Icehouse experimentation and migration
Blog post from Starburst
Data virtualization is crucial for managing data during experimentation with new systems and migration processes, as it provides a unified interface to access data spread across multiple systems, including Icehouses and legacy data warehouses. The two main types of data virtualization architectures are pull-based and push-based systems. Pull-based systems retrieve data from underlying systems to process locally, while push-based systems delegate as much data processing as possible to the underlying systems, reducing data transfer.

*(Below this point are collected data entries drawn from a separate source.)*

Lemma card_zero_sum_set A : A != finset.set0 -> (K * #|zero_sum_set A|)%N = (K ^ t)%N.
Proof.
case/set0Pn=> i iA; rewrite -card_seq [RHS](card_additive_surj (subset_sumD A)) //.
by move=> c; exists (delta i c); rewrite subset_sum_delta iA.
Qed.

Lemma card_zero_sum_setI A B : A != finset.set0 -> B != finset.set0 -> A != B ->
  (K ^ 2 * #|zero_sum_set A :&: zero_sum_set B|)%N = (K ^ t)%N.
Proof.
wlog [i iA iB] : A B / exists2 i, i \in A & i \notin B.
  move=> hwlog A0 B0 AB; have := AB; rewrite finset.eqEsubset negb_and.
  case/orP=> /subsetPn sAB; first exact: hwlog.
  by rewrite finset.setIC hwlog // eq_sym.
move=> _ /set0Pn[j jB] _; pose f s := (subset_sum A s, subset_sum B s).
have fD : {morph f : s s' / s + s'} by move=> s s'; rewrite /f !subset_sumD.
rewrite -card_seq (card_additive_surj fD) => [|[c d]]; last first.
  exists (delta i (c - d *+ (j \in A)) + delta j d).
  by rewrite /f !subset_sumD !subset_sum_delta iA jB (negbTE iB) subrK add0r.
rewrite card_prod -mulnn; congr (_ * _)%N; apply: eq_card => s.
by rewrite !inE xpair_eqE.
Qed.

Lemma card_coord_in i (S : {set G}) :
  (K * #|[set s : D | s i \in S]|)%N = (#|S| * K ^ t)%N.
Proof.
pose f (s : D) := s i.
have fD : {morph f : s s' / s + s'} by move=> s s'; rewrite /f ffunE.
have f_surj c : exists s, f s = c by exists (delta i c); rewrite /f ffunE eqxx.
have -> : [set s : D | s i \in S] = f @^-1: S by apply/setP => s; rewrite !inE.
by rewrite (card_preimset_additive fD) // -card_seq (card_additive_surj fD) // mulnCA.
Qed.

Lemma card_some_coord_in (S : {set G}) :
  (K * #|[set s : D | [exists i, s i \in S]]| <= t * #|S| * K ^ t)%N.
Proof.
have -> : [set s : D | [exists i, s i \in S]] = \bigcup_i [set s : D | s i \in S].
  by apply/setP => s; rewrite inE; apply/existsP/bigcupP => [[i si] | [i _]];
    [exists i; rewrite ?inE | rewrite inE; exists i].
have -> : (t * #|S| * K ^ t = \sum_(i < t) #|S| * K ^ t)%N.
  by rewrite sum_nat_const card_ord mulnA.
rewrite (eq_bigr (fun i => K * #|[set s : D | s i \in S]|)%N) => [|i _].
  by rewrite -big_distrr leq_mul2l unstable.card_big_setU orbT.
by rewrite card_coord_in.
Qed.

Local Notation nonempty := [pred A : {set 'I_t} | A != finset.set0].
Local Notation T := (2 ^ t).-1.

Lemma card_nonempty : #|nonempty| = T.
Proof.
have := card_powerset [set: 'I_t].
rewrite cardsT card_ord (cardD1 finset.set0) inE finset.sub0set add1n => <- /=.
by apply: eq_card => A; rewrite !inE finset.subsetT andbT.
Qed.

Definition zero_sums (s : D) : nat := (\sum_(A in nonempty) (s \in zero_sum_set A))%N.

Lemma sum_zero_sums : (K * \sum_s zero_sums s)%N = (T * K ^ t)%N.
Proof.
rewrite exchange_big big_distrr /= (eq_bigr (fun=> K ^ t)%N) => [|A A0].
  by rewrite sum_nat_const card_nonempty.
by rewrite sum_mem_card card_zero_sum_set.
Qed.

Lemma sum_zero_sums_sqr :
  (K ^ 2 * \sum_s zero_sums s ^ 2)%N = (T * (K ^ t.+1 + T.-1 * K ^ t))%N.
Proof.
have sqr_zero_sums s : (zero_sums s ^ 2 =
    \sum_(A in nonempty) \sum_(B in nonempty) (s \in zero_sum_set A :&: zero_sum_set B))%N.
  rewrite /zero_sums -mulnn big_distrlr; apply: eq_bigr => A _.
  by apply: eq_bigr => B _; rewrite finset.in_setI -mulnb.
under eq_bigr do rewrite sqr_zero_sums.
rewrite exchange_big big_distrr /= (eq_bigr (fun=> K ^ t.+1 + T.-1 * K ^ t)%N) => [|A A0].
  by rewrite sum_nat_const card_nonempty.
rewrite exchange_big big_distrr (bigD1 A) //= finset.setIid sum_mem_card.
rewrite {1}expnS expn1 -mulnA card_zero_sum_set // -expnS.
rewrite (eq_bigr (fun=> K ^ t)%N) => [|B /andP[B0 BA]].
  rewrite sum_nat_const -card_nonempty [in RHS](cardD1 A) A0 add1n /=.
  by congr (_ + _ * _)%N; apply: eq_card => B; rewrite !inE andbC.
by rewrite sum_mem_card card_zero_sum_setI // eq_sym.
Qed.

Definition zero_sum_free (s : D) := [forall A in nonempty, subset_sum A s != 0].

(* Second moment method for Y := K * zero_sums, whose mean is T. *)
Lemma card_zero_sum_free : (#|[set s | zero_sum_free s]| * T <= K ^ t.+1)%N.
Proof.
have [->|T_gt0] := posnP T; first by rewrite muln0.
pose Y s : rat := (K * zero_sums s)%:R; pose m : rat := T%:R.
have Y0 : {in [set s | zero_sum_free s], forall s, Y s = 0}.
  move=> s; rewrite inE => /forallP zsf; rewrite /Y /zero_sums big1 ?muln0 // => A A0.
  by have := zsf A; rewrite A0 /= inE => /negbTE ->.
have SY : \sum_s Y s = (T * K ^ t)%:R by rewrite -sum_zero_sums big_distrr natr_sum.
have SY2 : \sum_s Y s ^+ 2 = (T * (K ^ t.+1 + T.-1 * K ^ t))%:R.
  rewrite -sum_zero_sums_sqr big_distrr natr_sum; apply: eq_bigr => s _.
  by rewrite /Y -natrX expnMn.
have SD : \sum_s (Y s - m) ^+ 2 = (T * K ^ t.+1)%:R - (T * K ^ t)%:R.
  rewrite (eq_bigr (fun s => Y s ^+ 2 - 2 * m * Y s + m ^+ 2)) => [|s _]; last by ring.
  rewrite big_split sumrB /= -mulr_sumr sumr_const card_seq SY SY2 /m.
  by rewrite -[T](prednK T_gt0) /=; ring.
have := card_mul_sqr_le_sum_sqr m Y0; rewrite SD /m => cheb.
rewrite -(leq_pmul2l T_gt0) -(ler_nat rat) !natrM.
have := ler0n rat (T * K ^ t); rewrite !natrM in cheb *; nra.
Qed.
End ZeroSums.

Lemma card_small_order (p t : nat) :
  (#|[set x : 'I_p.+1 | (#[x]%g < t)%N]| <= t * t)%N.
Proof.
(* p.+1 divides x * #[x], so x is determined by #[x] and x * #[x] %/ p.+1,
   both below t. *)
case: t => [|t]; first by rewrite leqn0 cards_eq0; apply/eqP/setP => x; rewrite !inE.
have order_dvd (x : 'I_p.+1) : (p.+1 %| x * #[x]%g)%N.
  by have /(congr1 val) := expg_order x; rewrite Zp_expg /dvdn => /= ->.
have quot_lt (x : 'I_p.+1) : (x * #[x]%g %/ p.+1 < #[x]%g)%N.
  by rewrite ltn_divLR // mulnC ltn_pmul2l ?order_gt0.
pose f (x : 'I_p.+1) : 'I_t.+1 * 'I_t.+1 := (inord #[x]%g, inord (x * #[x]%g %/ p.+1)).
rewrite -(card_in_imset (f := f)) => [|x y].
  by rewrite (leq_trans (max_card _)) // card_prod card_ord.
rewrite !inE => xt yt /pair_equal_spec[].
move=> /(congr1 (@nat_of_ord _)) + /(congr1 (@nat_of_ord _)).
rewrite (inordK xt) (inordK yt) => oxy.
rewrite (inordK (ltn_trans (quot_lt x) xt)) (inordK (ltn_trans (quot_lt y) yt)) => qxy.
apply: ord_inj; apply/eqP; rewrite -(eqn_pmul2r (order_gt0 x)).
by rewrite -(divnK (order_dvd x)) qxy (divnK (order_dvd y)) oxy.
Qed.

Lemma good_of_orders_ge (n t : nat) (s : zseq n t) :
  ~~ zero_sum_free s -> (forall i, t <= #[s i]%g)%N -> good s.
Proof.
move=> /forallPn[A]; rewrite negb_imply negbK inE => /andP[A0 zA] large.
have /set0Pn[i0 _] := A0; have t_gt0 : (0 < t)%N := leq_ltn_trans (leq0n _) (ltn_ord i0).
apply/existsP; exists A; rewrite A0 zA /= /cross_number.
apply: (@le_trans _ _ (\sum_(i in A) t%:R^-1)).
  by apply: ler_sum => i _; rewrite lef_pV2 ?ler_nat ?posrE ?ltr0n ?order_gt0.
rewrite sumr_const -[_ *+ #|A|]mulr_natl ler_pdivrMr ?ltr0n // mul1r ler_nat.
by rewrite -[t in (_ <= t)%N]card_ord max_card.
Qed.

Lemma prob_good_ge (R : realType) (n t : nat) : (1 < n)%N -> (0 < t)%N ->
  1 - n%:R / (2 ^ t).-1%:R - (t ^ 3)%:R / n%:R <= prob_good R n t.
Proof.
move=> n_gt1 t_gt0; have card_Zn : #|'Z_n| = n by rewrite card_ord Zp_cast.
pose small := [set x : 'Z_n | (#[x]%g < t)%N].
pose zsf := [set s : zseq n t | zero_sum_free s].
pose bad := [set s : zseq n t | [exists i, s i \in small]].
have card_D : #|[set: zseq n t]| = (n ^ t)%N by rewrite cardsT card_seq card_Zn.
have cover : (n ^ t <= #|[set s : zseq n t | good s]| + (#|zsf| + #|bad|))%N.
  rewrite -card_D; apply: leq_trans (leq_add (leqnn _) (leq_card_setU _ _)).
  apply: leq_trans (leq_card_setU _ _); apply: subset_leq_card.
  apply/fintype.subsetP => s _; rewrite !inE.
  have [_ | nzsf] := boolP (zero_sum_free s); first by rewrite orbT.
  have [_ | /existsPn large] := boolP [exists i, s i \in small]; first by rewrite !orbT.
  by rewrite good_of_orders_ge // => i; have := large i; rewrite inE -leqNgt.
have zsf_le : (#|zsf| * (2 ^ t).-1 <= n * n ^ t)%N.
  by have := card_zero_sum_free 'Z_n t; rewrite card_Zn expnS.
have bad_le : (n * #|bad| <= t ^ 3 * n ^ t)%N.
  have := card_some_coord_in t small; rewrite card_Zn => /leq_trans; apply.
  by rewrite leq_mul2r expnS leq_mul2l -mulnn card_small_order !orbT.
have n_gt0 : (0 : R) < n%:R by rewrite ltr0n ltnW.
have T_gt0 : (0 : R) < (2 ^ t).-1%:R.
  by rewrite ltr0n -ltnS prednK ?expn_gt0 // -[1%N]/(2 ^ 0)%N ltn_exp2l.
have D_gt0 : (0 : R) < (n ^ t)%:R by rewrite ltr0n expn_gt0 ltnW.
have zsf_leR : #|zsf|%:R <= n%:R / (2 ^ t).-1%:R * (n ^ t)%:R :> R.
  by rewrite mulrAC ler_pdivlMr // -!natrM ler_nat.
have bad_leR : #|bad|%:R <= (t ^ 3)%:R / n%:R * (n ^ t)%:R :> R.
  by rewrite mulrAC ler_pdivlMr // -!natrM ler_nat mulnC.
rewrite -(ler_nat R) !natrD in cover.
rewrite /prob_good card_D ler_pdivlMr //; lra.
Qed.

Local Open Scope classical_set_scope.

Section Growth.
Variable R : realType.

Lemma ln2_ge_half : 2^-1 <= ln (2 : R).
Proof.
have e_half : expR (2^-1 : R) <= 2.
  rewrite -[X in _ <= X]invrK -(invrK (expR _)) -expRN lef_pV2 ?posrE ?expR_gt0 //.
  by apply: le_trans (expR_ge1Dx _); lra.
by rewrite -ler_expR lnK ?posrE.
Qed.

Lemma lg_le_ln (x : R) : 1 <= x -> lg x <= 2 * ln x.
Proof.
move=> x1; rewrite /lg mulrC; apply: ler_wpM2r; first exact: ln_ge0.
by rewrite -[X in _ <= X]invrK lef_pV2 ?posrE ?ln2_ge_half ?ln_gt0 ?ltr1n.
Qed.

Lemma ln_sqr_le_sqrt (x : R) : 1 <= x -> ln x ^+ 2 <= 16 * Num.sqrt x.
Proof.
move=> x1; set y := Num.sqrt (Num.sqrt x).
have y_gt0 : 0 < y by rewrite !sqrtr_gt0; lra.
have x_eq : x = y ^+ 4.
  by rewrite -[4%N]/(2 * 2)%N exprM !sqr_sqrtr ?sqrtr_ge0 //; lra.
have lnx : ln x = 4 * ln y by rewrite x_eq lnXn // mulr_natl.
have := ln_sublinear y_gt0; have := ln_ge0 x1.
by rewrite -[Num.sqrt x](sqr_sqrtr (sqrtr_ge0 _)) -/y lnx; nra.
Qed.

Definition bound_exponent (k : nat) : R :=
  (3 * lg 5 * lg 7 * lg k%:R) `^ 3^-1 - 2 / 3 * lg (lg k%:R).

Lemma expR_bound_exponent_ge (k : nat) :
  (2 <= k)%N -> 1 <= expR (bound_exponent k) * lg k%:R ^+ 2.
Proof.
move=> k2; set L := lg k%:R.
have L1 : 1 <= L.
  rewrite /L /lg ler_pdivlMr ?ln_gt0 ?ltr1n // mul1r.
  by rewrite ler_ln ?posrE ?ler_nat ?ltr0n // ltnW.
have lnL0 := ln_ge0 L1.
have L_gt0 : 0 < L by apply: lt_le_trans L1.
have exp_lnL : expR (- (2%:R * ln L)) * L ^+ 2 = 1.
  by rewrite expRN expRM_natl lnK ?posrE // mulVf // expf_neq0 // gt_eqF.
rewrite -exp_lnL ler_wpM2r ?exprn_ge0 ?ler_expR //; first by lra.
have := lg_le_ln L1; have := powR_ge0 (3 * lg 5 * lg 7 * L) 3^-1.
rewrite /bound_exponent -/L; lra.
Qed.

Lemma bound_exponent_cvgy : k%:R * expR (bound_exponent k) @[k --> \oo] --> +oo.
Proof.
apply/cvgryPge => A; near=> k.
have k2 : (2 <= k)%N by near: k; exact: nbhs_infty_ge.
have kA : (64 * (`|A| + 1)) ^+ 2 <= k%:R by near: k; exact: nbhs_infty_ger.
have k1 : 1 <= k%:R :> R by rewrite ler1n ltnW.
set e := expR (bound_exponent k); pose s : R := Num.sqrt k%:R; pose L : R := lg k%:R.
have e_gt0 : 0 < e := expR_gt0 _.
have s_ge0 : 0 <= s := sqrtr_ge0 _.
have s_sqr : s ^+ 2 = k%:R by rewrite sqr_sqrtr ?ler0n.
have eL : 1 <= e * L ^+ 2 := expR_bound_exponent_ge k2.
have L_le : L ^+ 2 <= 64 * s.
  have L_ge0 : 0 <= L by apply: divr_ge0; apply: ln_ge0 => //; rewrite ler1n.
  have := lg_le_ln k1; have := ln_sqr_le_sqrt k1; have := ln_ge0 k1; rewrite -/s -/L.
  nra.
have se : 1 <= 64 * s * e by nra.
have sA : 64 * (`|A| + 1) <= s by nra.
have := ler_norm A; nra.
Unshelve. all: by end_near.
Qed.

End Growth.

Despite the efficiency of push-based systems in minimizing data transfer, pull-based systems are more common today due to their easier implementation and compatibility with modern, high-throughput networks. In scenarios where data from multiple systems needs to be accessed, data virtualization systems are indispensable, minimizing the complexity of data management and integration. However, performance considerations remain crucial, with pull-based systems potentially facing bottlenecks in data extraction and push-based systems encountering compatibility issues. For Icehouses, which utilize Iceberg tables and distributed storage, pull-based virtualization is the norm, as Iceberg lacks built-in query processing capabilities that push-based systems could utilize. This discussion underscores the importance of understanding the trade-offs and performance implications of using different data virtualization architectures, especially when dealing with complex data environments like Icehouses.